▶ _What this task involves_
The records below need copying. Match each line exactly.

○ ○ ○

Lemma greedy_invariant (P : (T -> V) -> Prop) :
  (forall j, P (u j)) ->
  (forall f g (s : R), 0 <= s <= 1 -> P f -> P g ->
     P (fun t => (1 - s) *: f t + s *: g t)) ->
  (forall f g, P f -> P g -> P (closer f g)) ->
  forall k, P (greedy k).
Proof.
move=> Pu Pcomb Pcloser.
suff H k b : (b <= k)%N -> P (greedy b) by move=> k; exact: (H k k).
elim: k b => [|k IH] b; first by rewrite leqn0 => /eqP ->; exact: Pu.
rewrite leq_eqVlt => /orP[/eqP ->|]; last by rewrite ltnS; exact: IH.
rewrite greedyS; apply: best_of_invariant => //; first exact: IH.
case=> [b' /candidate_midpoint_le b'k|[j l] _] /=; last first.
  apply: Pcomb; [|exact: IH|exact: Pu].
  by rewrite (ltW (stepsize_gt0 _ _)) stepsize_le1.
have -> : (fun t => 2^-1 *: (greedy k t + nth (u 0) (greedy_hist k) b' t)) =
    (fun t => (1 - 2^-1) *: greedy k t + 2^-1 *: greedy b' t).
  by apply/funext => t; rewrite nth_greedy_hist //; apply/matrixP => i i'; rewrite !mxE; field.
by apply: Pcomb; [rewrite invr_ge0 ler0n invf_le1 ?ler1n|exact: IH|exact: IH].
Qed.

Lemma greedy_in_convex (C : set V) t : convexv C -> (forall j, C (u j t)) ->
  forall k, C (greedy k t).
Proof.
move=> cC Cu; apply: (greedy_invariant (P := fun f => C (f t))) => //.
- by move=> f g s s01 Cf Cg; exact: cC.
- by move=> f g Cf Cg; rewrite /closer; case: ifP.
Qed.

End greedy_scheme.

Section greedy_measurable.
Variables (d : measure_display) (T : measurableType d) (R : realType) (n : nat).
Local Notation V := 'rV[R]_n.
Section SparseGraph.
Variables (k : nat) (l : seq gT).
Hypothesis l_gen : ggenerates l (Gam k).
Local Notation K := (Gam k).

Definition toK x := if `[< K x >] then x else (rep (pi k x))^-1 * x.

Definition toK_words := 1 :: [seq (rep c)^-1 | c <- enum 'I_(m k)].

Lemma toK_in x : K (toK x).
Proof. by rewrite /toK; case: asboolP => // _; apply/pi_eqP; rewrite pi_rep. Qed.

Lemma toK_words_mul x : exists2 u, u \in toK_words & toK x = u * x.
Proof.
rewrite /toK; case: asboolP => _; first by exists 1; rewrite ?mem_head ?mul1g.
by exists (rep (pi k x))^-1; rewrite // inE (map_f (fun c => (rep c)^-1)) ?mem_enum ?orbT.
Qed.

Lemma K_rep n x : (k <= n)%N -> K (rep (pi n x)) <-> K x.
Proof.
move=> le; have subK := Gam_sub k.
have Kd : K (x^-1 * rep (pi n x)) by apply/(Gam_le le)/pi_eqP; rewrite pi_rep.
split=> [Kr|Kx]; last by rewrite -(mulVKg x (rep (pi n x))); apply: (subgroupM subK Kx Kd).
have -> : x = rep (pi n x) * (x^-1 * rep (pi n x))^-1 by rewrite invgM invgK mulVKg.
exact: (subgroupM subK Kr (subgroupV subK Kd)).
Qed.

Definition sparse_out n (j : 'I_(m n)) : seq 'I_(m n) :=
  if (n < k)%N then cayley_out j
  else if `[< K (rep j) >] then [seq pi n (g * rep j) | g <- l]
  else [:: pi n (toK (rep j))].

Definition sparse_graph := sym_graph sparse_out.

Definition sparse_words := S ++ l ++ [seq (rep c)^-1 | c <- enum 'I_(m k)].

Lemma sparse_out_translates n (j b : 'I_(m n)) :
  b \in sparse_out j -> exists2 w, w \in sparse_words & b = pi n (w * rep j).
Proof.
rewrite /sparse_out /sparse_words; case: ltnP => _; last case: asboolP => Kj.
- by move/mapP => [s Ss ->]; exists s; rewrite // mem_cat Ss.
- by move/mapP => [g lg ->]; exists g; rewrite // !mem_cat lg orbT.
rewrite inE /toK => /eqP ->; case: asboolP => [/Kj []|_].
by exists (rep (pi k (rep j)))^-1; rewrite // !mem_cat (map_f (fun c => (rep c)^-1)) ?mem_enum ?orbT.
Qed.
(* Riemann tensor, R(d_c, d_d) d_b = Riem a b c d * d_a, with
   R(X,Y)Z = nabla_X nabla_Y Z - nabla_Y nabla_X Z - nabla_[X,Y] Z:
   R^a_{bcd} = d_c Gamma^a_{db} - d_d Gamma^a_{cb}
               + Gamma^a_{ce} Gamma^e_{db} - Gamma^a_{de} Gamma^e_{cb} *)
Definition Riem (a b c d : 'I_4) (p : point) : R :=
  pd c (Gamma a d b) p - pd d (Gamma a c b) p
  + \sum_(e < 4) (Gamma a c e p * Gamma e d b p - Gamma a d e p * Gamma e c b p).

Definition gdot (p : point) (u v : tvec) : R :=
  \sum_(i < 4) \sum_(j < 4) gcoef p i j * u i * v j.

Definition Rm4 (p : point) (u v : tvec) : R :=
  \sum_(a < 4) \sum_(b < 4) \sum_(c < 4) \sum_(d < 4) \sum_(e < 4)
    Riem a b c d p * u c * v d * v b * gcoef p a e * u e.

Definition sec (p : point) (u v : tvec) : R :=
  Rm4 p u v / (gdot p u u * gdot p v v - gdot p u v ^+ 2).

Definition lin_indep (u v : tvec) : Prop :=
  forall a b : R, (forall i, a * u i + b * v i = 0) -> a = 0 /\ b = 0.

From Stdlib Require Import Reals Lra Psatz Classical.
From Coquelicot Require Import Coquelicot.
From mathcomp Require Import all_boot all_algebra.
From mathcomp Require Import Rstruct.
Local Open Scope R_scope.

(* The metric only depends on x and phi, so everything is computed in closed
   form.  Writing F = F1(phi), the curvature of a plane with components
   Xhor = phi sigma^rho, Yver = zeta^dphi and mixed part Smix (the weighted
   squares of sigma^zeta, rho^zeta, sigma^dphi, rho^dphi) is
     Sec = (Khor Xhor^2 + Kver Yver^2 + 6 m Xhor Yver - m Smix)
           / (Xhor^2 + Yver^2 + Smix),
   with Khor = -F/phi^2, Kver = -F''/2, m = (phi F' - F)/(4 phi^2). *)

(* A differentiable function vanishing at 0 whose derivative is positive on
   (0, oo) is itself positive on (0, oo).  Every inequality on exp below is
   obtained by iterating this remark. *)
Lemma pos_of_deriv_pos (f f' : R -> R) :
  (forall t, is_derive f t (f' t)) -> f 0 = 0 ->
  (forall t, 0 < t -> 0 < f' t) -> forall t, 0 < t -> 0 < f t.
Proof.
  move=> Hd H0 Hpos t Ht.
  have [c [Hmvt Hc]] : exists c, f t - f 0 = f' c * (t - 0) /\ 0 < c < t.
  { apply: MVT_cor2 => // c _. exact/is_derive_Reals. }
  have : 0 < f' c * (t - 0) by apply: Rmult_lt_0_compat; [apply: Hpos|]; lra.
  lra.
Qed.

Section ExpNeg.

○ ○ ○

▶ _Task answer_
Lemma greedy_invariant (P : (T -> V) -> Prop) :
  (forall j, P (u j)) ->
  (forall f g (s : R), 0 <= s <= 1 -> P f -> P g ->
     P (fun t => (1 - s) *: f t + s *: g t)) ->
  (forall f g, P f -> P g -> P (closer f g)) ->
  forall k, P (greedy k).
Proof.
move=> Pu Pcomb Pcloser.
suff H k b : (b <= k)%N -> P (greedy b) by move=> k; exact: (H k k).
elim: k b => [|k IH] b; first by rewrite leqn0 => /eqP ->; exact: Pu.
rewrite leq_eqVlt => /orP[/eqP ->|]; last by rewrite ltnS; exact: IH.
rewrite greedyS; apply: best_of_invariant => //; first exact: IH.
case=> [b' /candidate_midpoint_le b'k|[j l] _] /=; last first.
  apply: Pcomb; [|exact: IH|exact: Pu].
  by rewrite (ltW (stepsize_gt0 _ _)) stepsize_le1.
have -> : (fun t => 2^-1 *: (greedy k t + nth (u 0) (greedy_hist k) b' t)) =
    (fun t => (1 - 2^-1) *: greedy k t + 2^-1 *: greedy b' t).
  by apply/funext => t; rewrite nth_greedy_hist //; apply/matrixP => i i'; rewrite !mxE; field.
by apply: Pcomb; [rewrite invr_ge0 ler0n invf_le1 ?ler1n|exact: IH|exact: IH].
Qed.

Lemma greedy_in_convex (C : set V) t : convexv C -> (forall j, C (u j t)) ->
  forall k, C (greedy k t).
Proof.
move=> cC Cu; apply: (greedy_invariant (P := fun f => C (f t))) => //.
- by move=> f g s s01 Cf Cg; exact: cC.
- by move=> f g Cf Cg; rewrite /closer; case: ifP.
Qed.

End greedy_scheme.

Section greedy_measurable.
Variables (d : measure_display) (T : measurableType d) (R : realType) (n : nat).
Local Notation V := 'rV[R]_n.
Section SparseGraph.
Variables (k : nat) (l : seq gT).
Hypothesis l_gen : ggenerates l (Gam k).
Local Notation K := (Gam k).

Definition toK x := if `[< K x >] then x else (rep (pi k x))^-1 * x.

Definition toK_words := 1 :: [seq (rep c)^-1 | c <- enum 'I_(m k)].

Lemma toK_in x : K (toK x).
Proof. by rewrite /toK; case: asboolP => // _; apply/pi_eqP; rewrite pi_rep. Qed.

Lemma toK_words_mul x : exists2 u, u \in toK_words & toK x = u * x.
Proof.
rewrite /toK; case: asboolP => _; first by exists 1; rewrite ?mem_head ?mul1g.
by exists (rep (pi k x))^-1; rewrite // inE (map_f (fun c => (rep c)^-1)) ?mem_enum ?orbT.
Qed.

Lemma K_rep n x : (k <= n)%N -> K (rep (pi n x)) <-> K x.
Proof.
move=> le; have subK := Gam_sub k.
have Kd : K (x^-1 * rep (pi n x)) by apply/(Gam_le le)/pi_eqP; rewrite pi_rep.
split=> [Kr|Kx]; last by rewrite -(mulVKg x (rep (pi n x))); apply: (subgroupM subK Kx Kd).
have -> : x = rep (pi n x) * (x^-1 * rep (pi n x))^-1 by rewrite invgM invgK mulVKg.
exact: (subgroupM subK Kr (subgroupV subK Kd)).
Qed.

Definition sparse_out n (j : 'I_(m n)) : seq 'I_(m n) :=
  if (n < k)%N then cayley_out j
  else if `[< K (rep j) >] then [seq pi n (g * rep j) | g <- l]
  else [:: pi n (toK (rep j))].

Definition sparse_graph := sym_graph sparse_out.

Definition sparse_words := S ++ l ++ [seq (rep c)^-1 | c <- enum 'I_(m k)].

Lemma sparse_out_translates n (j b : 'I_(m n)) :
  b \in sparse_out j -> exists2 w, w \in sparse_words & b = pi n (w * rep j).
Proof.
rewrite /sparse_out /sparse_words; case: ltnP => _; last case: asboolP => Kj.
- by move/mapP => [s Ss ->]; exists s; rewrite // mem_cat Ss.
- by move/mapP => [g lg ->]; exists g; rewrite // !mem_cat lg orbT.
rewrite inE /toK => /eqP ->; case: asboolP => [/Kj []|_].
by exists (rep (pi k (rep j)))^-1; rewrite // !mem_cat (map_f (fun c => (rep c)^-1)) ?mem_enum ?orbT.
Qed.
(* Riemann tensor, R(d_c, d_d) d_b = Riem a b c d * d_a, with
   R(X,Y)Z = nabla_X nabla_Y Z - nabla_Y nabla_X Z - nabla_[X,Y] Z:
   R^a_{bcd} = d_c Gamma^a_{db} - d_d Gamma^a_{cb}
               + Gamma^a_{ce} Gamma^e_{db} - Gamma^a_{de} Gamma^e_{cb} *)
Definition Riem (a b c d : 'I_4) (p : point) : R :=
  pd c (Gamma a d b) p - pd d (Gamma a c b) p
  + \sum_(e < 4) (Gamma a c e p * Gamma e d b p - Gamma a d e p * Gamma e c b p).

Definition gdot (p : point) (u v : tvec) : R :=
  \sum_(i < 4) \sum_(j < 4) gcoef p i j * u i * v j.

Definition Rm4 (p : point) (u v : tvec) : R :=
  \sum_(a < 4) \sum_(b < 4) \sum_(c < 4) \sum_(d < 4) \sum_(e < 4)
    Riem a b c d p * u c * v d * v b * gcoef p a e * u e.

Definition sec (p : point) (u v : tvec) : R :=
  Rm4 p u v / (gdot p u u * gdot p v v - gdot p u v ^+ 2).

Definition lin_indep (u v : tvec) : Prop :=
  forall a b : R, (forall i, a * u i + b * v i = 0) -> a = 0 /\ b = 0.

From Stdlib Require Import Reals Lra Psatz Classical.
From Coquelicot Require Import Coquelicot.
From mathcomp Require Import all_boot all_algebra.
From mathcomp Require Import Rstruct.
Local Open Scope R_scope.

(* The metric only depends on x and phi, so everything is computed in closed
   form.  Writing F = F1(phi), the curvature of a plane with components
   Xhor = phi sigma^rho, Yver = zeta^dphi and mixed part Smix (the weighted
   squares of sigma^zeta, rho^zeta, sigma^dphi, rho^dphi) is
     Sec = (Khor Xhor^2 + Kver Yver^2 + 6 m Xhor Yver - m Smix)
           / (Xhor^2 + Yver^2 + Smix),
   with Khor = -F/phi^2, Kver = -F''/2, m = (phi F' - F)/(4 phi^2). *)

(* A differentiable function vanishing at 0 whose derivative is positive on
   (0, oo) is itself positive on (0, oo).  Every inequality on exp below is
   obtained by iterating this remark. *)
Lemma pos_of_deriv_pos (f f' : R -> R) :
  (forall t, is_derive f t (f' t)) -> f 0 = 0 ->
  (forall t, 0 < t -> 0 < f' t) -> forall t, 0 < t -> 0 < f t.
Proof.
  move=> Hd H0 Hpos t Ht.
  have [c [Hmvt Hc]] : exists c, f t - f 0 = f' c * (t - 0) /\ 0 < c < t.
  { apply: MVT_cor2 => // c _. exact/is_derive_Reals. }
  have : 0 < f' c * (t - 0) by apply: Rmult_lt_0_compat; [apply: Hpos|]; lra.
  lra.
Qed.

Section ExpNeg.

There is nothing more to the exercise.